Other possibilities for their more frequent appearance in vertebrate genomes are that they might have a special relationship with germ line cells or have RNA that is more recognized by LINE elements—and thus more prone to get copied and spliced into the host's genetic code.

Genetic immunity
Although strains of hemorrhagic fever can be fatal for many humans and animals, these viral genetics might also be conferring some protection on their hosts. Skalka explains that RNA from these integrated viral sequences could bind with RNA of the incoming virus and destroy it or that proteins from these code segments could be similar, albeit different enough to intruding viruses to "muck up the whole replication cycle," she says.

Some of the next steps will be to try to find more of these viral fossils in animal genomes. And as more genomes are sequenced and analysis tools become even more efficient, Coffin expects that "things that are older—and thus more diverged—will become easier to find."

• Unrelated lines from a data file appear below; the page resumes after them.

Lemma support_continuous y : continuity_pt support y.
Proof.
  destruct S_bounded as [M HM].
  apply (continuity_pt_lipschitz _ M). intros x.
  assert (Hlip : forall p u v, S p -> dot (dir u) p - dot (dir v) p <= M * Rabs (u - v)).
  { intros p u v Hp.
    apply (Rle_trans _ _ _ (Rle_abs _)), (Rle_trans _ _ _ (dot_dir_lipschitz p v u)).
    apply Rmult_le_compat_r; [apply Rabs_pos | auto]. }
  apply Rabs_le; split.
  - pose proof (support_le y (contact x) (contact_in x)).
    pose proof (Hlip (contact x) y x (contact_in x)) as Hyx.
    rewrite Rabs_minus_sym in Hyx. change (support x) with (dot (dir x) (contact x)). lra.
  - pose proof (support_le x (contact y) (contact_in y)).
    pose proof (Hlip (contact y) x y (contact_in y)).
    change (support y) with (dot (dir y) (contact y)). lra.
Qed.

Variable alpha : R.
Hypothesis alpha_range : 0 < alpha < PI.

Let beta := alpha - PI.

Definition support_integral (y : R) : R := RInt support 0 y.

Definition window_integral (y : R) : R := support_integral y - support_integral (y + beta).

Definition potential (y : R) : R :=
  (1 - cos alpha) * window_integral y - sin alpha * (support y + support (y + beta)).

Lemma support_integral_derive y : derivable_pt_lim support_integral y (support y).
Proof. apply derivable_pt_lim_RInt, support_continuous. Qed.

Lemma window_integral_derive y :
  derivable_pt_lim window_integral y (support y - support (y + beta)).
Proof.
  apply (derivable_pt_lim_minus support_integral (fun z => support_integral (z + beta))).
  - apply support_integral_derive.
  - apply derivable_pt_lim_shift, support_integral_derive.
Qed.

Lemma window_integral_periodic y : window_integral (y + 2 * PI) = window_integral y.
Proof.
  pose proof (antiderivative_periodic_increment support_integral support (2 * PI)
    support_integral_derive support_periodic y (y + beta)) as Hinc.
  unfold window_integral. replace (y + 2 * PI + beta) with (y + beta + 2 * PI) by ring. lra.
Qed.

Lemma potential_continuous y : continuity_pt potential y.
Proof.
  apply continuity_pt_minus; apply continuity_pt_scal.
  - apply derivable_continuous_pt.
    exists (support y - support (y + beta)). apply window_integral_derive.
  - apply continuity_pt_plus; [apply support_continuous|].
    apply (continuity_pt_comp (fun z => z + beta) support); [|apply support_continuous].
    apply derivable_continuous_pt, derivable_pt_plus;
      [apply derivable_pt_id | apply derivable_pt_const].
Qed.

Lemma potential_periodic y : potential (y + 2 * PI) = potential y.
Proof.
  unfold potential. rewrite window_integral_periodic, support_periodic.
  replace (y + 2 * PI + beta) with (y + beta + 2 * PI) by ring.
  rewrite support_periodic. reflexivity.
Qed.

Lemma contact_balance : exists c, forall p q, S p -> S q ->
  dot (dir c) p = support c -> dot (dir (c + beta)) q = support (c + beta) ->
  dot (dir (c + beta)) p - support (c + beta) = dot (dir c) q - support c.
Proof.
  destruct (periodic_local_max potential (2 * PI)) as [c Hmax];
    [pose proof PI_RGT_0; lra | apply potential_continuous | apply potential_periodic |].
  exists c; intros p q Hp Hq Hpc Hqc.
  (* [support] need not be differentiable: freezing the contact points [p], [q] gives a
     differentiable function touching [potential] from below at its maximum [c]. *)
  set (comparison := fun y =>
    (1 - cos alpha) * window_integral y - sin alpha * (dot (dir y) p + dot (dir (y + beta)) q)).
  assert (Hsin : 0 <= sin alpha) by (apply sin_ge_0; lra).
  assert (Hderiv : derivable_pt_lim comparison c
    ((1 - cos alpha) * (support c - support (c + beta))
     - sin alpha * (dot (perp (dir c)) p + dot (perp (dir (c + beta))) q))).
  { apply (derivable_pt_lim_minus (fun y => (1 - cos alpha) * window_integral y)).
    - apply derivable_pt_lim_scal, window_integral_derive.
    - apply derivable_pt_lim_scal, (derivable_pt_lim_plus (fun y => dot (dir y) p)).
      + apply derivable_pt_lim_dot_dir.
      + apply (derivable_pt_lim_shift (fun y => dot (dir y) q)), derivable_pt_lim_dot_dir. }
  apply (touching_max_derive_zero comparison potential (c - 2 * PI) (c + 2 * PI)) in Hderiv.
  - rewrite <- Hpc, <- Hqc in *. unfold beta in *. revert Hderiv.
    unfold dot, perp. rewrite dir_add_sub_PI. unfold dir; simpl. intros Hderiv.
    apply (eq_by_combination _ _ _ (sin alpha ^ 2 + cos alpha ^ 2 - 1)
             (cos c * fst q + sin c * snd q) Hderiv).
    + rewrite sin2_cos2_pow. ring.
    + ring.
  - intros y. unfold comparison, potential.
    pose proof (support_le y p Hp); pose proof (support_le (y + beta) q Hq). nra.
  - unfold comparison, potential. rewrite Hpc, Hqc. reflexivity.
  - intros x Hx. apply Hmax. lra.
  - pose proof PI_RGT_0. lra.
Qed.

End Support.

Section Wedge.

Variables (S : pt -> Prop) (c alpha h1 h2 : R) (X Y : pt).
Hypothesis alpha_range : 0 < alpha < PI.
(* Let $\epsilon$ be a constant with $0<\epsilon<1/3$. The $(1+1)$~IA$^{hyp}$ finds an optimal solution of the instance $P^*_\epsilon$ (with $n$ even) in $O(n^2)$ expected fitness function evaluations.
   Context: Partition problem: a solution $x\in\{0,1\}^n$ assigns job $i$ to machine $M_1$ if $x_i=0$ and to $M_2$ if $x_i=1$; the makespan $f(x)=\max\{\sum_i p_ix_i,\sum_i p_i(1-x_i)\}$ is minimised. The instance $P^*_\epsilon$ has $n$ jobs with $p_1=p_2=\frac13-\frac{\epsilon}{4}$ and $p_i=\frac{1/3+\epsilon/2}{n-2}$ for $3\le i\le n$. The $(1+1)$~IA$^{hyp}$ (minimisation): initialise $x$ uniformly at random and evaluate it. Each iteration: $y:=x$, $F:=\{1,\dots,n\}$; while $F\ne\emptyset$ and $f(y)\ge f(x)$: pick $i\in F$ uniformly at random, remove it from $F$, flip $y_i$, evaluate $f(y)$; then if $f(y)\le f(x)$ set $x:=y$. Asymptotics are as $n\to\infty$. *)

From HB Require Import structures.
From mathcomp Require Import all_boot all_order all_algebra.
From mathcomp Require Import reals.
Set Implicit Arguments. Unset Strict Implicit. Unset Printing Implicit Defensive.
Import Order.TTheory GRing.Theory Num.Theory.
Local Open Scope ring_scope.

(* Bit strings of length n: x i = true means job i goes to machine M_2. *)
Definition bits (n : nat) := {ffun 'I_n -> bool}.

Definition makespan (R : realType) (n : nat) (p : 'I_n -> R) (x : bits n) : R :=
  Num.max (\sum_i p i * (x i)%:R) (\sum_i p i * (~~ x i)%:R).

Definition optimal (R : realType) (n : nat) (p : 'I_n -> R) (x : bits n) : bool :=
  [forall z : bits n, makespan p x <= makespan p z].

Definition flip (n : nat) (y : bits n) (i : 'I_n) : bits n :=
  [ffun j => if j == i then ~~ y j else y j].

(* State right after a fitness evaluation: (x, y, F) where x is the current
   parent, y the point just evaluated, F the set of not-yet-flipped positions
   of the current hypermutation. *)
Definition state (n : nat) := (bits n * bits n * {set 'I_n})%type.

Definition kernel (R : realType) (n : nat) (p : 'I_n -> R) (s s' : state n) : R :=
  let: (x, y, F) := s in
  if (F != set0) && (makespan p x <= makespan p y) then
    (* hypermutation loop continues: flip a fresh random position of F *)
    \sum_(i in F) #|F|%:R^-1 * (s' == (x, flip y i, F :\ i))%:R
  else
    (* loop ends: selection (x := y if f(y) <= f(x)), then new iteration
       starts with y := x, F := {1..n}, and its first flip/evaluation *)
    let x' := if makespan p y <= makespan p x then y else x in
    \sum_i n%:R^-1 * (s' == (x', flip x' i, [set: 'I_n] :\ i))%:R.

(* Distribution of the state after the first evaluation (uniform initial x). *)
Definition init_dist (R : realType) (n : nat) (s : state n) : R :=
  ((s.1.1 == s.1.2) && (s.2 == set0))%:R * (2 ^ n)%:R^-1.

(* alive k s = Pr[ state after evaluation k+1 is s, and none of the
   evaluations 1..k+1 evaluated an optimal solution ] *)
Fixpoint alive (R : realType) (n : nat) (p : 'I_n -> R) (k : nat) : state n -> R :=
  match k with
  | 0 => fun s => (~~ optimal p s.1.2)%:R * init_dist R s
  | k'.+1 => fun s' =>
      (~~ optimal p s'.1.2)%:R * \sum_(s : state n) alive p k' s * kernel p s s'
  end.

(* surv k = Pr[ T > k ], T = number of evaluations until an optimum is evaluated *)
Definition surv (R : realType) (n : nat) (p : 'I_n -> R) (k : nat) : R :=
  if k is k'.+1 then \sum_(s : state n) alive p k' s else 1.

(* Partial sums of E[T] = sum_{k >= 0} Pr[T > k]. *)
Definition runtime_partial (R : realType) (n : nat) (p : 'I_n -> R) (m : nat) : R :=
  \sum_(k < m) surv p k.

(* Instance P*_eps (job indices shifted to 0-based). *)
Definition pstar (R : realType) (n : nat) (eps : R) (i : 'I_n) : R :=
  if (i < 2)%N then 1 / 3 - eps / 4 else (1 / 3 + eps / 2) / (n - 2)%:R.

From HB Require Import structures.
From mathcomp Require Import all_boot all_order all_algebra.
From mathcomp Require Import reals.
From mathcomp Require Import zify ring lra.
Set Implicit Arguments. Unset Strict Implicit. Unset Printing Implicit Defensive.
Import Order.TTheory GRing.Theory Num.Theory.
Local Open Scope ring_scope.

(* Additive drift.  In a state (x, y, F) let rank x be the number of makespans
   below f x and improve_prob the probability that the running hypermutation
   stops at a strict improvement of x.  The potential
   A (rank x + 1 - improve_prob) + |F| decreases by exactly 1 in expectation
   at each evaluation inside a hypermutation, and by at least 1 when a new one
   starts, provided every non-optimal x improves with probability at least
   n / A.  Its range, O(A n), then bounds the expected number of evaluations.

   For P*_eps a non-optimal x improves with probability at least 1 / (4 Q^2),
   where Q depends only on eps.  If a machine holding a big job also holds more
   than half of the small jobs, each flip of one of those small jobs improves,
   so the first flip does with probability at least 1/2.  Otherwise both big
   jobs share a machine M holding at most half of the small jobs; with
   probability at least (j / n)^2, j = (n - 2) / Q, the hypermutation reaches a
   point with one big job on each machine and within j of half of the small
   jobs on M, whose makespan is below f x.  Hence A = 4 Q^2 n gives O(n^2). *)

Lemma sum_delta_mulr (R : numDomainType) (T I : finType) (P : pred I)
    (c : I -> R) (t : I -> T) (G : T -> R) :
  \sum_(s : T) (\sum_(i | P i) c i * (s == t i)%:R) * G s = \sum_(i | P i) c i * G (t i).
Proof.
under eq_bigr do rewrite mulr_suml.
rewrite exchange_big; apply: eq_bigr => i _.
rewrite (bigD1 (t i)) //= eqxx mulr1 big1 ?addr0 // => s /negbTE ->.
by rewrite mulr0 mul0r.
Qed.

Lemma mul_natD_le (R : numDomainType) (a b : nat) (m X Y : R) :
  ((0 < a)%N -> m <= X) -> ((0 < b)%N -> m <= Y) -> (a + b)%:R * m <= a%:R * X + b%:R * Y.
Proof.
move=> leX leY; rewrite natrD mulrDl lerD //.
  by case: a leX => [|a] leX; rewrite ?mul0r // ler_wpM2l ?leX.
by case: b leY => [|b] leY; rewrite ?mul0r // ler_wpM2l ?leY.
Qed.

Lemma le_two_add_ratio (R : realFieldType) (m s : R) : 1 <= m -> 0 <= s <= m ->
  s + 1 <= 2 + (m - 1) * (s / m).
Proof.
move=> m_ge1 /andP[s_ge0 s_le]; set t := s / m.
have Et : t * m = s by rewrite /t divfK ?gt_eqF //; lra.
have t_le1 : t <= 1 by rewrite /t ler_pdivrMr ?mul1r //; lra.
nra.
Qed.

Lemma ler_wpdiv2l (R : numFieldType) (a x y : R) : 0 <= a -> 0 < y -> y <= x -> a / x <= a / y.
Proof.
move=> a_ge0 y_gt0 le_yx; apply: ler_wpM2l => //.
by rewrite lef_pV2 ?posrE //; apply: lt_le_trans le_yx.
Qed.



Section Count.
Variable I : finType.

Definition cnt (P : pred I) : nat := \sum_i P i.

Lemma eq_cnt (P Q : pred I) : P =1 Q -> cnt P = cnt Q.
Proof. by move=> eqPQ; apply: eq_bigr => i _; rewrite eqPQ. Qed.

Lemma cntID (P Q : pred I) :
  (cnt (fun i => P i && Q i) + cnt (fun i => P i && ~~ Q i) = cnt P)%N.
Proof. by rewrite /cnt -big_split; apply: eq_bigr => i _; case: (P i); case: (Q i). Qed.

Lemma cntD_eq (P Q P' Q' : pred I) : (forall i, P i + Q i = P' i + Q' i)%N ->
  (cnt P + cnt Q = cnt P' + cnt Q')%N.
Proof. by move=> eqPQ; rewrite /cnt -!big_split; apply: eq_bigr => i _; apply: eqPQ. Qed.

Lemma cnt0 : cnt (fun _ => false) = 0%N.
Proof. exact: big1. Qed.

Lemma subpred_cnt (P Q : pred I) : subpred P Q -> (cnt P <= cnt Q)%N.
Proof. by move=> subPQ; apply: leq_sum => i _; case: (P i) (subPQ i) => // ->. Qed.

Lemma cnt_pred1 (P : pred I) i : cnt (fun j => (j == i) && P j) = P i.
Proof. by rewrite /cnt (bigD1 i) //= eqxx big1 ?addn0 // => j /negbTE->. Qed.

Lemma cnt_gt0 (P : pred I) i : P i -> (0 < cnt P)%N.
Proof.
move=> Pi; apply: leq_trans (subpred_cnt (P := fun j => (j == i) && P j) _).
  by rewrite cnt_pred1 Pi.
by move=> j /andP[].
Qed.

Lemma cnt_setD1 (P : pred I) (F : {set I}) i : i \in F ->
  cnt (fun j => (j \in F) && P j) = (cnt (fun j => (j \in F :\ i) && P j) + P i)%N.
Proof.
move=> Fi; rewrite -cnt_pred1 /cnt -big_split; apply: eq_bigr => j _ /=.
by rewrite in_setD1; case: (eqVneq j i) => [->|_] /=; rewrite ?Fi ?addn0.
Qed.

Lemma card_cnt (F : {set I}) : #|F| = cnt (fun i => i \in F).
Proof. by rewrite /cnt -sum1_card big_mkcond /=; apply: eq_bigr => i _; case: (i \in F). Qed.

Lemma sum_cnt (R : semiRingType) (F : {set I}) (P : pred I) (c : R) :
  \sum_(i in F) (P i)%:R * c = (cnt (fun i => (i \in F) && P i))%:R * c.
Proof.
rewrite /cnt natr_sum mulr_suml big_mkcond /=; apply: eq_bigr => i _.
by case: (i \in F); rewrite ?mul0r.
Qed.

End Count.

Section AdditiveDrift.
Variables (R : realType) (n : nat) (p : 'I_n -> R).
Local Notation f := (makespan p).

(* [improve_prob #|F| x y F] is the probability that the hypermutation in
   progress in state [(x, y, F)] stops at a strict improvement of [x]; the
   first argument is fuel, enough once it reaches [#|F|]. *)
Fixpoint improve_prob (k : nat) (x y : bits n) (F : {set 'I_n}) : R :=
  if (F != set0) && (f x <= f y) then
    if k is k'.+1 then \sum_(i in F) #|F|%:R^-1 * improve_prob k' x (flip y i) (F :\ i)
    else 0
  else ((f y < f x)%R)%:R.

Lemma improve_prob_stop k x y F : ~~ ((F != set0) && (f x <= f y)) ->
  improve_prob k x y F = ((f y < f x)%R)%:R.
Proof. by move=> stop; case: k => [|k] /=; rewrite (negbTE stop). Qed.

Lemma improve_prob_improved k x y F : f y < f x -> improve_prob k x y F = 1.
Proof. by move=> lt_yx; rewrite improve_prob_stop ?lt_yx // leNgt lt_yx andbF. Qed.

Lemma improve_prob_ge0 k x y F : 0 <= improve_prob k x y F.
Proof.
elim: k y F => [|k IH] y F /=; case: ifP => // _.
by apply: sumr_ge0 => i _; rewrite mulr_ge0 ?invr_ge0.
Qed.

Lemma improve_prob_le1 k x y F : improve_prob k x y F <= 1.
Proof.
elim: k y F => [|k IH] y F /=; case: ifP => [/andP[F0 _]|_]; rewrite ?ler01 ?lern1 ?leq_b1 //.
have cardF_gt0 : 0 < #|F|%:R :> R by rewrite ltr0n card_gt0.
apply: le_trans (_ : \sum_(i in F) #|F|%:R^-1 <= 1).
  by apply: ler_sum => i _; rewrite ger_pMr ?invr_gt0.
by rewrite sumr_const -[_ *+ #|F|]mulr_natr mulVf ?gt_eqF.
Qed.

Lemma improve_prob_unfold x y F : F != set0 -> f x <= f y ->
  improve_prob #|F| x y F =
  \sum_(i in F) #|F|%:R^-1 * improve_prob #|F :\ i| x (flip y i) (F :\ i).
Proof.
move=> F0 le_xy; have F_gt0 : (0 < #|F|)%N by rewrite card_gt0.
rewrite -[in LHS](prednK F_gt0) /= F0 le_xy /=.
by apply: eq_bigr => i Fi; rewrite (cardsD1 i F) Fi.
Qed.

Definition makespans : seq R := undup [seq f z | z : bits n].

Definition rank (x : bits n) : nat := count (fun v => v < f x) makespans.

But the real trick will be trying to figure out just what these genetic relics are doing in the genomes. "In the case of retroviruses" in the genome, "they have conferred benefits that have nothing to do with viruses," Coffin says, noting one retroviral gene that has been found to help with placental growth. "They are just genes that the host has found useful for one function or another."

Skalka and her team hope to uncover if the same is true for these non-retroviral genes, she says. "We would like to know what the significance is in human beings."